If you use WSL, do this properly

  • use WSL2
  • verify CUDA passthrough actually works
  • verify the GPU is visible inside WSL before you benchmark
  • keep model files on a performant filesystem path
  • avoid cross-filesystem overhead for hot workflows when possible

Typical validation steps:

nvidia-smi
./llama-cli --help
./llama-server --version

If WSL GPU passthrough is not working, you are not benchmarking the setup you think you are benchmarking.
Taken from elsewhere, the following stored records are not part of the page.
Lemma one_sub_pow_eq0 (z : C) n : (0 < n)%nat -> 1 - pow_n z n = 0 -> Cmod z = 1%R.
Proof.
  intros Hn Hz. change (pow_n z n) with (z ^ n) in Hz.
  assert (Hz1 : z ^ n = 1) by (replace (z ^ n) with (1 - (1 - z ^ n)) by ring; rewrite Hz; ring).
  assert (Hpow : (Cmod z ^ n = 1)%R) by (rewrite <- Cmod_pow, Hz1; apply Cmod_1).
  destruct (pow_R1 _ _ Hpow) as [Habs|]; [|lia].
  now rewrite Rabs_pos_eq in Habs by apply Cmod_ge_0.
Qed.

Lemma prod_pd_eq0 z j : prod_pd z j = 0 -> Cmod z = 1%R.
Proof.
  induction j as [|j IHj]; simpl; intros Hz.
  - exact (one_sub_pow_eq0 z 1 Nat.lt_0_1 Hz).
  - destruct (Cmult_eq0 _ _ Hz) as [Hz'|Hz']; [exact (IHj Hz')|].
    refine (one_sub_pow_eq0 z _ _ Hz'). pose proof (Nat.pow_nonzero 2 j). lia.
Qed.

Lemma zeta_recip_tau_digits_eq0 j z : zeta_recip (tau_digits j) z = 0 -> Cmod z = 1%R.
Proof.
  rewrite zeta_recip_tau_digits. intros Hz. destruct (Cmult_eq0 _ _ Hz) as [Hz'|Hz'].
  - apply (one_sub_pow_eq0 z 1 Nat.lt_0_1). change (pow_n z 1) with (z * 1).
    now rewrite Cmult_1_r.
  - exact (prod_pd_eq0 z j Hz').
Qed.

Lemma lim_filtermap {K : AbsRing} {V : CompleteNormedModule K} {T : Type}
  (F : (T -> Prop) -> Prop) {FF : ProperFilter F} (f : T -> V) (l : V) :
  filterlim f F (locally l) -> lim (filtermap f F) = l.
Proof.
  intros Hf.
  assert (Hcauchy : cauchy (filtermap f F)).
  { intros eps. exists l. apply Hf, locally_ball. }
  assert (Hlim : filterlim f F (locally (lim (filtermap f F)))).
  { apply filterlim_locally. intros eps.
    exact (complete_cauchy _ (filtermap_proper_filter _ _ f F FF) Hcauchy eps). }
  exact (filterlim_locally_unique f _ _ Hlim Hf).
Qed.

Lemma filterlim_Cmult_l {T : Type} (F : (T -> Prop) -> Prop) {FF : Filter F}
  (f : T -> C) (c l : C) :
  filterlim f F (locally l) -> filterlim (fun x => c * f x) F (locally (c * l)).
Proof. intros Hf. eapply filterlim_comp; [exact Hf|exact (filterlim_scal_r c l)]. Qed.

Lemma filterlim_Cinv {T : Type} (F : (T -> Prop) -> Prop) {FF : Filter F}
  (f : T -> C) (l : C) :
  l <> 0 -> filterlim f F (locally l) -> filterlim (fun x => / f x) F (locally (/ l)).
Proof.
  intros Hl Hf. apply Cmod_gt_0 in Hl.
  rewrite (filterlim_locally_ball_norm (K := C_AbsRing) (U := C_NormedModule)) in Hf |- *.
  intros eps.
  assert (Hl2 : (0 < Cmod l / 2)%R) by lra.
  assert (He : (0 < eps * (Cmod l * Cmod l) / 2)%R)
    by (pose proof (cond_pos eps); apply Rdiv_lt_0_compat; [apply Rmult_lt_0_compat|]; nra).
  generalize (filter_and _ _ (Hf (mkposreal _ Hl2)) (Hf (mkposreal _ He))).
  apply filter_imp. intros x [Hnear Hclose]. unfold ball_norm in *; simpl in *.
  change (minus ?a ?b) with (a - b) in *. change (norm ?a) with (Cmod a) in *.
  (* |f x| >= |l| / 2, hence |1/f x - 1/l| = |f x - l| / (|f x| |l|) <= 2 |f x - l| / |l|^2 *)
  assert (Hfx : (Cmod l / 2 <= Cmod (f x))%R).
  { pose proof (Cmod_triangle (- (f x - l)) (f x)) as Htri.
    replace (- (f x - l) + f x) with l in Htri by ring. rewrite Cmod_opp in Htri. lra. }
  assert (Hfx0 : f x <> 0) by (apply Cmod_gt_0; lra).
  replace (/ f x - / l) with (- (f x - l) / (f x * l))
    by (field; split; [now apply Cmod_gt_0|exact Hfx0]).
  rewrite Cmod_div, Cmod_mult, Cmod_opp by (apply Cmod_gt_0; rewrite Cmod_mult; nra).
  apply Rlt_div_l; [nra|].
  pose proof (cond_pos eps). nra.
Qed.

Lemma Cmod_lim_ge {T : Type} (F : (T -> Prop) -> Prop) {FF : ProperFilter F}
  (f : T -> C) (l : C) (c : R) :
  filterlim f F (locally l) -> F (fun x => c <= Cmod (f x))%R -> (c <= Cmod l)%R.
Proof.
  intros Hf Hc. destruct (Rle_lt_dec c (Cmod l)) as [|Hlt]; [assumption|exfalso].
  rewrite filterlim_locally_ball_norm in Hf.
  assert (He : (0 < c - Cmod l)%R) by lra.
  destruct (filter_ex _ (filter_and _ _ Hc (Hf (mkposreal _ He)))) as [x [Hcx Hx]].
  unfold ball_norm in Hx; simpl in Hx. change (norm (minus (f x) l)) with (Cmod (f x - l)) in Hx.
  pose proof (Cmod_triangle (f x - l) l) as Htri.
  replace (f x - l + l) with (f x) in Htri by ring. lra.
Qed.

Lemma eps_poly_cvg t z : (Cmod z < 1)%R -> exists L, filterlim (eps_poly t z) eventually (locally L).
Proof.
  intros Hz. apply (ex_series_le (K := C_AbsRing) (V := C_CompleteNormedModule) _ (fun n => Cmod z ^ n)%R).
  - intros n. change (norm ?a) with (Cmod a).
    rewrite Cmod_mult. change (pow_n z n) with (z ^ n). rewrite Cmod_pow.
    assert (Heps : Cmod (eps t n) = 1%R)
      by (unfold eps; destruct (t n); rewrite Cmod_R; [apply Rabs_m1|apply Rabs_R1]).
    rewrite Heps. lra.
  - apply ex_series_geom. rewrite Rabs_pos_eq by apply Cmod_ge_0. exact Hz.
Qed.

Lemma zeta_recip_tau_inf z L : filterlim (eps_poly tau_inf_digits z) eventually (locally L) ->
  zeta_recip tau_inf_digits z = (1 - z) * L.
Proof.
  intros HL. unfold zeta_recip. destruct excluded_middle_informative as [Hp|_].
  - exfalso. exact (not_has_period_of_flips _ tau_inf_digits_flip Hp).
  - rewrite (lim_filtermap _ _ (L + - 1)); [f_equal; ring|].
    apply (filterlim_ext (fun n => eps_poly tau_inf_digits z n + - 1)).
    + intros n. rewrite <- one_add_eps_partial by reflexivity. ring.
    + exact (filterlim_comp_2 _ _ _ HL (filterlim_const _) (filterlim_plus L (- 1 : C))).
Qed.

Lemma prod_pd_eq_eps_poly_tau_inf z N : prod_pd z N = eps_poly tau_inf_digits z (2 ^ S N - 1).
Proof.
  symmetry. apply eps_poly_pow2; [reflexivity|].
  intros i k _ Hk. now apply tau_inf_digits_flip.
Qed.

Lemma prod_pd_cvg z L : filterlim (eps_poly tau_inf_digits z) eventually (locally L) ->
  filterlim (prod_pd z) eventually (locally L).
Proof.
  intros HL. apply (filterlim_ext (fun N => eps_poly tau_inf_digits z (2 ^ S N - 1))).
  - intros N. symmetry. apply prod_pd_eq_eps_poly_tau_inf.
  - eapply filterlim_comp; [apply eventually_subseq|exact HL].
    intros n. rewrite (Nat.pow_succ_r' 2 (S n)). pose proof (Nat.pow_nonzero 2 (S n)). lia.
Qed.

Lemma Cmod_one_sub_ge w : (1 - Cmod w <= Cmod (1 - w))%R.
Proof.
  pose proof (Cmod_triangle (1 - w) w) as Htri.
  replace (1 - w + w) with (RtoC 1) in Htri by ring. rewrite Cmod_1 in Htri. lra.
Qed.

Lemma pow_le_pow_of_le_1 x m n : (0 <= x <= 1)%R -> (m <= n)%nat -> (x ^ n <= x ^ m)%R.
Proof.
  intros Hx Hmn. replace n with (m + (n - m))%nat by lia. rewrite pow_add.
  pose proof (pow_le x m (proj1 Hx)).
  assert (Hle1 : (x ^ (n - m) <= 1)%R) by (rewrite <- (pow1 (n - m)); now apply pow_incr).
  nra.
Qed.

(* Each |z|^(2^n) is the square of the previous one, so once it is small the tail
   sum over n > M is at most twice its first term. *)
Lemma Cmod_prod_pd_tail z M d : (Cmod z < 1)%R ->
  (Cmod (prod_pd z M) * (1 - 2 * Cmod z ^ 2 ^ S M + Cmod z ^ 2 ^ S (M + d))
    <= Cmod (prod_pd z (M + d)))%R.
Proof.
  intros Hz. set (x := Cmod z) in *. assert (Hx : (0 <= x)%R) by apply Cmod_ge_0.
  set (y := (x ^ 2 ^ S M)%R). pose proof (Cmod_ge_0 (prod_pd z M)) as HPM.
  induction d as [|d IHd].
  - rewrite Nat.add_0_r. fold y. assert (0 <= y)%R by (apply pow_le; lra). nra.
  - set (w := (x ^ 2 ^ S (M + d))%R) in IHd.
    assert (Hw : (0 <= w <= y)%R).
    { split; [apply pow_le; lra|]. apply pow_le_pow_of_le_1; [lra|].
      apply Nat.pow_le_mono_r; lia. }
    assert (Hw1 : (w <= 1)%R) by (unfold w; rewrite <- (pow1 (2 ^ S (M + d))); apply pow_incr; lra).
    assert (Hnext : (x ^ 2 ^ S (M + S d) = w * w)%R).
    { rewrite Nat.add_succ_r, (Nat.pow_succ_r' 2 (S (M + d))), Nat.mul_comm, pow_mult.
      unfold w. ring. }
    assert (Hfactor : (1 - w <= Cmod (1 - pow_n z (2 ^ S (M + d))))%R).
    { unfold w, x. rewrite <- (Cmod_pow z). apply Cmod_one_sub_ge. }
    rewrite Hnext, Nat.add_succ_r. simpl prod_pd. rewrite Cmod_mult.
    (* (1 - 2y + w)(1 - w) = (1 - 2y + w^2) + 2w(y - w) *)
    apply Rle_trans with (Cmod (prod_pd z M) * (1 - 2 * y + w) * (1 - w))%R.
    + assert (0 <= Cmod (prod_pd z M) * (w * (y - w)))%R
        by (apply Rmult_le_pos; [lra|nra]).
      fold y. nra.
    + apply Rle_trans with (Cmod (prod_pd z (M + d)) * (1 - w))%R.
      * apply Rmult_le_compat_r; lra.
      * apply Rmult_le_compat_l; [apply Cmod_ge_0|exact Hfactor].
Qed.

Lemma prod_pd_eventually_ge z : (Cmod z < 1)%R ->
  exists c, (0 < c)%R /\ eventually (fun N => c <= Cmod (prod_pd z N))%R.
Proof.
  intros Hz. assert (Habs : (Rabs (Cmod z) < 1)%R) by (rewrite Rabs_pos_eq by apply Cmod_ge_0; exact Hz).
  destruct (pow_lt_1_zero _ Habs (/ 4) ltac:(lra)) as [M HM].
  assert (Hy : (Cmod z ^ 2 ^ S M < / 4)%R).
  { specialize (HM (2 ^ S M)%nat ltac:(pose proof (Nat.pow_gt_lin_r 2 (S M)); lia)).
    rewrite Rabs_pos_eq in HM by (apply pow_le, Cmod_ge_0). exact HM. }
  assert (HPM : (0 < Cmod (prod_pd z M))%R).
  { apply Cmod_gt_0. intros H0. apply prod_pd_eq0 in H0. lra. }
  exists (Cmod (prod_pd z M) / 2)%R. split; [lra|]. exists M. intros N HN.
  replace N with (M + (N - M))%nat by lia.
  pose proof (Cmod_prod_pd_tail z M (N - M) Hz).
  pose proof (pow_le (Cmod z) (2 ^ S (M + (N - M))) (Cmod_ge_0 z)). nra.
Qed.

Lemma tau_inf_limit z : (Cmod z < 1)%R -> exists L : C, L <> 0 /\
  filterlim (prod_pd z) eventually (locally L) /\ zeta_recip tau_inf_digits z = (1 - z) * L.
Proof.
  intros Hz. destruct (eps_poly_cvg tau_inf_digits z Hz) as [L HL].
  pose proof (prod_pd_cvg z L HL) as HP.
  destruct (prod_pd_eventually_ge z Hz) as (c & Hc & Hge).
  exists L. split; [|split; [exact HP|exact (zeta_recip_tau_inf z L HL)]].
  apply Cmod_gt_0. pose proof (Cmod_lim_ge _ _ _ _ HP Hge). lra.
Qed.

Theorem mainTheorem8 :
  (forall j : nat, (1 <= j)%nat ->
     (forall z : C, zeta_recip (tau_digits j) z = ((1 - z) * prod_pd z j)%C) /\
     (forall z : C, zeta_recip (tau_digits j) z = 0%C -> Cmod z = 1%R)) /\
  (forall z : C, (Cmod z < 1)%R ->
     filterlim (fun j => zeta (tau_digits j) z) eventually
               (locally (zeta tau_inf_digits z))) /\
  (forall z : C, (Cmod z < 1)%R ->
     filterlim (fun N => ((1 - z) * prod_pd z N)%C) eventually
               (locally (zeta_recip tau_inf_digits z))).
Proof.
  split; [|split].
  - intros j _. split; [apply zeta_recip_tau_digits|apply zeta_recip_tau_digits_eq0].
  - intros z Hz. destruct (tau_inf_limit z Hz) as (L & HL0 & HP & HZ).
    assert (Hz1 : 1 - z <> 0) by (apply Cmod_gt_0; pose proof (Cmod_one_sub_ge z); lra).
    unfold zeta. rewrite HZ.
    apply (filterlim_ext (fun j => / ((1 - z) * prod_pd z j))).
    { intros j. now rewrite zeta_recip_tau_digits. }
    apply (filterlim_Cinv eventually).
    + intros H0. now destruct (Cmult_eq0 _ _ H0).
    + exact (filterlim_Cmult_l eventually _ _ _ HP).
  - intros z Hz. destruct (tau_inf_limit z Hz) as (L & _ & HP & ->).
    exact (filterlim_Cmult_l eventually _ _ _ HP).
Qed.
How to choose quantization in practice

Default recommendation

If someone asks for a single practical answer:

Start with Q4_K_M.

Why:

  • it is usually the best first compromise
  • it keeps memory pressure down
  • it is more likely to fit fully or mostly in VRAM
  • it often delivers much better overall UX than a larger higher-quality quant that spills badly

When to move up

Try larger or heavier quants when:

  • the model already fits comfortably
  • you care more about quality than latency
  • you have enough VRAM headroom for both weights and KV cache

When to quantize KV cache more aggressively

Use q8_0 or q4_0 KV cache when:

  • context length is growing
  • multiple sessions exist
  • you are near the memory cliff

Practical sizing checklist

Before locking a model in:

  1. estimate weight footprint
  2. budget KV cache separately
  3. leave VRAM headroom for runtime overhead
  4. test TTFT, not just steady-state t/s
  5. test with realistic context, not toy prompts
  6. prefer the smaller model if the larger one spills too much

Failure modes

Failure modeWhat it looks likeWhat usually caused it
”It loads but feels slow”very high TTFT, weak decode speedtoo much offload to system RAM
OOM at higher contextworks at 2K, fails at 8KKV cache budget ignored
GPU underutilizedlow throughput despite CUDAhost-memory bottleneck or poor offload split
WSL confusioninconsistent resultsGPU passthrough or storage-path issues

Architecture Diagram

llama.cpp GPU offload bandwidth cliff

This animated SVG shows the practical tuning story: increase -ngl, watch nvidia-smi, and stop at the highest stable GPU residency point before VRAM pressure turns hybrid offload into a RAM bottleneck.

Takeaway

The real local inference rule is simple:

A model that mostly fits in fast memory beats a larger model that technically loads through spillover.

That is why Q4_K_M is often the right default, why KV cache quantization matters, and why hybrid offload should be treated as a measured engineering tradeoff instead of a free upgrade.